Open sbarbone opened this issue 5 years ago • 13 comments

Hello, im trying to create an user_feature matrix but i cant.

data = Dataset() data.fit(users.user_id.unique(),items.movie_id.unique())

ad_subset = users[["sex_F", 'age','occupation_administrator']] ad_list = [list(x) for x in ad_subset.values] ad_tuple = tuple(zip(users['user_id'], ad_list))

user_features = data.build_user_features(ad_tuple)

I excetude the last code but i got this error

File "C:\ProgramData\Anaconda3\lib\site-packages\lightfm\data.py", line 101, in _process_features "Feature {} not in eature mapping. " "Call fit first.".format(feature)

ValueError: Feature 0 not in eature mapping. Call fit first.

Can anybody help please? Thanks!

sbarbone avatar Mar 14 '19 15:03 sbarbone

Hi @sbarbone,

try adding your features to the Dataset.fit() call!
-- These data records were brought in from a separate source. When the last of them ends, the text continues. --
(* Let $\mathcal L_{\mathcal N}=(\mathcal L,[\cdot_\lambda\cdot]_{\mathcal L},\mathcal N)$ and $\mathcal H_{\mathcal Q}=(\mathcal H,[\cdot_\lambda\cdot]_{\mathcal H},\mathcal Q)$ be Nijenhuis Lie conformal algebras, let $0\to\mathcal H_{\mathcal Q}\xrightarrow{inc}\mathcal E_{\mathcal R}\xrightarrow{proj}\mathcal L_{\mathcal N}\to0$ be a non-abelian extension with section $s$, and let $(\chi_\lambda,\rho,\Phi)$ be the non-abelian $2$-cocycle induced by $s$. A pair $(\alpha,\beta)\in\mathrm{Aut}(\mathcal H_{\mathcal Q})\times\mathrm{Aut}(\mathcal L_{\mathcal N})$ is inducible if and only if the non-abelian $2$-cocycles $(\chi_\lambda,\rho,\Phi)$ and $(\chi^{(\alpha,\beta)}_\lambda,\rho^{(\alpha,\beta)},\Phi^{(\alpha,\beta)})$ are equivalent; in other words, if and only if the Wells map vanishes at $(\alpha,\beta)$.
   Context: All spaces over $\mathbb C$. A Lie conformal algebra is a $\mathbb C[\partial]$-module with a $\mathbb C$-bilinear $\lambda$-bracket satisfying $[\partial a_\lambda b]=-\lambda[a_\lambda b]$, $[a_\lambda\partial b]=(\partial+\lambda)[a_\lambda b]$, $[a_\lambda b]=-[b_{-\partial-\lambda}a]$, $[a_\lambda[b_\mu c]]=[[a_\lambda b]_{\lambda+\mu}c]+[b_\mu[a_\lambda c]]$. A Nijenhuis operator is a $\mathbb C[\partial]$-linear $\mathcal N$ with $[\mathcal N(p)_\lambda\mathcal N(q)]=\mathcal N([\mathcal N(p)_\lambda q]+[p_\lambda\mathcal N(q)]-\mathcal N([p_\lambda q]))$; a Nijenhuis Lie conformal algebra is a Lie conformal algebra with a Nijenhuis operator; morphisms are bracket-preserving $\mathbb C[\partial]$-linear maps intertwining the operators; $\mathrm{Aut}$ denotes bijective self-morphisms. A non-abelian extension: a Nijenhuis Lie conformal algebra $\mathcal E_{\mathcal R}=(\mathcal E,[\cdot_\lambda\cdot]_{\mathcal E},\mathcal R)$ with a short exact sequence of morphisms as displayed, split as $\mathbb C[\partial]$-modules; $\mathcal H\subset\mathcal E$, $\mathcal R|_{\mathcal H}=\mathcal Q$. A section is a $\mathbb C[\partial]$-linear $s$ with $proj\circ s=\mathrm{id}$; it induces $\chi_\lambda(p,q)=[s(p)_\lambda s(q)]_{\mathcal E}-s([p_\lambda q]_{\mathcal L})$, $\rho(p)_\lambda h=[s(p)_\lambda h]_{\mathcal E}$, $\Phi(p)=\mathcal R(s(p))-s(\mathcal N(p))$. A non-abelian $2$-cocycle is a triple $(\chi_\lambda:\mathcal L\otimes\mathcal L\to\mathcal H[\lambda],\ \rho:\mathcal L\otimes\mathcal H\to\mathcal H[\lambda],\ \Phi:\mathcal L\to\mathcal H)$ satisfying, for $p,q,r\in\mathcal L$, $h\in\mathcal H$: (i) $\rho(p)_\lambda\rho(q)_\mu h-\rho(q)_\mu\rho(p)_\lambda h-\rho([p_\lambda q]_{\mathcal L})_{\lambda+\mu}h=[\chi_\lambda(p,q)_{\lambda+\mu}h]_{\mathcal H}$; (ii) $\rho(p)_\lambda\chi_\mu(q,r)+\rho(q)_\mu\chi_\lambda(r,p)+\rho(r)_{-\partial-\lambda-\mu}\chi_\lambda(p,q)-\chi_{\lambda+\mu}([q_\mu r]_{\mathcal L},p)-\chi_{\lambda+\mu}([r_{-\partial-\lambda}p]_{\mathcal L},q)-\chi_{\lambda+\mu}([p_\lambda q]_{\mathcal L},r)=0$; (iii) $\rho(\mathcal Np)_\lambda\mathcal Q(h)=\mathcal Q(\rho(\mathcal Np)_\lambda h+\rho(p)_\lambda\mathcal Q(h)-\mathcal Q(\rho(p)_\lambda h))+\mathcal Q([\Phi(p)_\lambda h]_{\mathcal H})-[\Phi(p)_\lambda\mathcal Q(h)]_{\mathcal H}$; (iv) $\chi_\lambda(\mathcal Np,\mathcal Nq)-\mathcal Q(\chi_\lambda(\mathcal Np,q)+\chi_\lambda(p,\mathcal Nq)-\mathcal Q\chi_\lambda(p,q))-\Phi([\mathcal N(p)_\lambda q]_{\mathcal L}+[p_\lambda\mathcal N(q)]_{\mathcal L}-\mathcal N[p_\lambda q]_{\mathcal L})+\rho(\mathcal Np)_\lambda\Phi(q)-\rho(\mathcal Nq)_{-\partial-\lambda}\Phi(p)+\mathcal Q(\rho(q)_{-\partial-\lambda}\Phi(p)-\rho(p)_\lambda\Phi(q)+\Phi([p_\lambda q]_{\mathcal L}))+[\Phi(p)_\lambda\Phi(q)]_{\mathcal H}=0$. Two such triples $(\chi,\rho,\Phi),(\chi',\rho',\Phi')$ are equivalent if there is a linear $\tau:\mathcal L\to\mathcal H$ with $\rho(p)_\lambda h-\rho'(p)_\lambda h=[\tau(p)_\lambda h]_{\mathcal H}$, $\chi_\lambda(p,q)-\chi'_\lambda(p,q)=[\tau(p)_\lambda\tau(q)]_{\mathcal H}-\tau([p_\lambda q]_{\mathcal L})+\rho'(p)_\lambda\tau(q)-\rho'(q)_{-\partial-\lambda}\tau(p)$, $\Phi(p)-\Phi'(p)=\mathcal Q\tau(p)-\tau\mathcal N(p)$; $H^2_{nab}(\mathcal L_{\mathcal N},\mathcal H_{\mathcal Q})$ is the set of equivalence classes. The twisted triple is $\chi^{(\alpha,\beta)}_\lambda(p,q)=\alpha\chi_\lambda(\beta^{-1}p,\beta^{-1}q)$, $\rho^{(\alpha,\beta)}(p)_\lambda h=\alpha(\rho(\beta^{-1}p)_\lambda\alpha^{-1}h)$, $\Phi^{(\alpha,\beta)}(p)=\alpha\Phi(\beta^{-1}p)$. The Wells map $\mathfrak W:\mathrm{Aut}(\mathcal H_{\mathcal Q})\times\mathrm{Aut}(\mathcal L_{\mathcal N})\to H^2_{nab}(\mathcal L_{\mathcal N},\mathcal H_{\mathcal Q})$ is $\mathfrak W(\alpha,\beta)=[(\chi^{(\alpha,\beta)}_\lambda,\rho^{(\alpha,\beta)},\Phi^{(\alpha,\beta)})-(\chi_\lambda,\rho,\Phi)]$; ''$\mathfrak W$ vanishes at $(\alpha,\beta)$'' means this class is trivial. Let $\mathrm{Aut}_{\mathcal H}(\mathcal E_{\mathcal R})=\{\gamma\in\mathrm{Aut}(\mathcal E_{\mathcal R}):\gamma(\mathcal H)=\mathcal H\}$ and $\Pi(\gamma)=(\gamma|_{\mathcal H},proj\circ\gamma\circ s)$; $(\alpha,\beta)$ is inducible if it lies in the image of $\Pi$. *)

From HB Require Import structures.
From mathcomp Require Import all_boot all_order all_algebra.
From mathcomp Require Import complex.
From mathcomp Require Import reals.
Set Implicit Arguments. Unset Strict Implicit. Unset Printing Implicit Defensive.
Import Order.TTheory GRing.Theory Num.Theory.
Local Open Scope ring_scope.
See the method description here dataset.fit and this example.

SimonCW avatar Mar 18 '19 20:03 SimonCW

user_features and item_features parameters aren't well defined in the documentation and I can't find any example who use it. I'm trying to fit with user_features and item_features, but doesn't work.
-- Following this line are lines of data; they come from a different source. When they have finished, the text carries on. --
Lemma gaifman_iff_neq_sup_at {a b} (r s : tm cty (Arr a b)) : closed r -> closed s ->
  is_inf (mu_range (fun l => bigAnd (map (fun t => EQ (A r t) (A s t)) l))) (mu (EQ r s)) <->
  is_sup (mu_range (fun l => bigOr (map (fun t => NEQ (A r t) (A s t)) l))) (mu (NEQ r s)).
Proof.
  intros Hr Hs. unfold NEQ. rewrite mu_NOT by auto 10 with closed.
  apply is_inf_iff_is_sup_mu_range_compl. intros l Hl.
  rewrite <- mu_NOT; [| eauto 10 with closed].
  apply mu_equiv; [eauto 10 with closed .. |].
  apply bigOr_NOT_equiv. intros t _ M g. reflexivity.
Qed.

Lemma gaifman_iff_neq_sup : gaifman mu <-> cond_neq_sup mu.
Proof.
  split; intros H a b r s Hr Hs; apply (gaifman_iff_neq_sup_at r s Hr Hs), H; assumption.
Qed.

Lemma neq_sup_exists_sup : cond_neq_sup mu -> cond_exists_sup mu.
Proof.
  intros H x a phi Hphi.
  apply (is_sup_mu_range_ext
    (fun l => bigOr (map (fun t => NEQ (A (L x a phi) t) (A (L x a (FF cty)) t)) l))).
  - intros l Hl. apply mu_equiv; [eauto 10 with closed .. |].
    apply equiv_bigOr. intros t Ht. apply NEQ_beta_FF_equiv, (closed_list_In l); auto.
  - apply H; auto with closed.
Qed.

Lemma exists_sup_neq_sup : cond_exists_sup mu -> cond_neq_sup mu.
Proof.
  intros H a b r s Hr Hs.
  set (phi := NEQ (A r (V 0 a)) (A s (V 0 a))).
  assert (Hphi : single_free 0 a phi) by exact (single_free_NEQ_app_var r s Hr Hs 0).
  rewrite <- (mu_equiv (EXISTS 0 a phi)); [| auto with closed ..
                                           | apply EXISTS_NEQ_app_var_equiv; assumption].
  apply (is_sup_mu_range_ext (fun l => bigOr (map (fun t => subst 0 t phi) l))).
  - intros l Hl. apply mu_equiv; [eauto 10 with closed .. |].
    apply equiv_bigOr. intros t Ht.
    apply subst_NEQ_app_var_equiv; [assumption .. | exact (closed_list_In l t Hl Ht)].
  - apply H, Hphi.
Qed.

Lemma exists_sup_iff_forall_inf_at x a (psi phi : tm cty TO) :
  single_free x a psi -> single_free x a phi ->
  (forall M g, tvd M g psi = negb (tvd M g phi)) ->
  is_sup (mu_range (fun l => bigOr (map (fun t : tm cty a => subst x t psi) l)))
         (mu (EXISTS x a psi)) <->
  is_inf (mu_range (fun l => bigAnd (map (fun t : tm cty a => subst x t phi) l)))
         (mu (FORALL x a phi)).
Proof.
  intros Hpsi Hphi Hneg.
  assert (Hex : mu (EXISTS x a psi) = 1 - mu (FORALL x a phi)).
  { rewrite <- mu_NOT; [| auto with closed].
    apply mu_equiv; [auto with closed .. |]. apply EXISTS_NOT_FORALL_equiv, Hneg. }
  rewrite Hex, is_inf_iff_is_sup_mu_range_compl with
    (G := fun l => bigOr (map (fun t : tm cty a => subst x t psi) l)); [reflexivity |].
  intros l Hl. rewrite <- mu_NOT; [| eauto 10 with closed].
  apply mu_equiv; [eauto 10 with closed .. |].
  apply bigOr_NOT_equiv. intros t Ht M g.
  rewrite sem_NOT, !den_subst by exact (closed_list_In l t Hl Ht). apply Hneg.
Qed.

Lemma exists_sup_iff_forall_inf : cond_exists_sup mu <-> cond_forall_inf mu.
Proof.
  split; intros H x a phi Hphi.
  - apply (exists_sup_iff_forall_inf_at x a (NOT phi) phi); auto with closed.
    + intros M g. apply sem_NOT.
    + apply H. auto with closed.
  - apply (exists_sup_iff_forall_inf_at x a phi (NOT phi)); auto with closed.
    + intros M g. rewrite sem_NOT, negb_involutive. reflexivity.
    + apply H. auto with closed.
Qed.

End Probability.

Theorem mainTheorem6 (C : Type) (cty : C -> ty) (mu : tm cty TO -> R)
  (Hmu : probability mu) :
  (gaifman mu <-> cond_neq_sup mu) /\
  (cond_neq_sup mu <-> cond_exists_sup mu) /\
  (cond_exists_sup mu <-> cond_forall_inf mu).
Proof.
  split; [|split].
  - exact (gaifman_iff_neq_sup _ Hmu).
  - split; [exact (neq_sup_exists_sup _ Hmu) | exact (exists_sup_neq_sup _ Hmu)].
  - exact (exists_sup_iff_forall_inf _ Hmu).
Qed.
What if I have a list of user_features and I want to use them all, not just one like in your example.

cdash04 avatar Oct 03 '19 17:10 cdash04

I think you should ùse an iterator, like this one: [x['item_id'], [x['category']]) for x in df.values]

Note that the second value of the tuple above is a list of list...so look this this:

[
  (1, ['horror']),
  (2, ['comedy']),
         ...
]

If your data is a DataFrame, this generator would be like this: [(x[0], [x[1]]) for x in df[['user_id', 'category_id']].values]

igorkf avatar Nov 14 '20 18:11 igorkf

I solved @cdash04's question as follows

item_features = ['Action', 'Adventure', 'Animation', ... snip ... ]
items_features = ((1, ('Animation', ('Children's', 'Comedy')), (2, ('Adventure', 'Children's', 'Fantasy')), ... snip ... )
dataset = Dataset()
dataset.fit(
    ... snip ...
    items=tuple(df_movies['movieId']),
    item_features=item_features,
)
item_features_list = dataset.build_item_features(items_features)

Now, my question is whether the feature has to be a categorical variable.

I would like to add a vector of 8 dimensions as a feature of item. For example.

items_features = ((1, (0.0036, 0.0006, 0.050, 0.02, 0.009, 0.0022, 0.0955, 0.8179), ... snip ... )
item_features_list = dataset.build_item_features(items_features)

However, I get an error with build_item_features, what can I do? Feature (0.0036, 0.0006, 0.050, 0.02, 0.009, 0.0022, 0.0955, 0.8179) not in eature mapping. Call fit first.

Each element of the vector is a real number, not a categorical one. Can't I use such a feature? If you could use it, what definition would you need for item_features?

@SimonCW and @igorkf would be happy to answer your questions.

its-ogawa avatar Nov 17 '20 10:11 its-ogawa

user_features and item_features parameters aren't well defined in the documentation and I can't find any example who use it. I'm trying to fit with user_features and item_features, but doesn't work.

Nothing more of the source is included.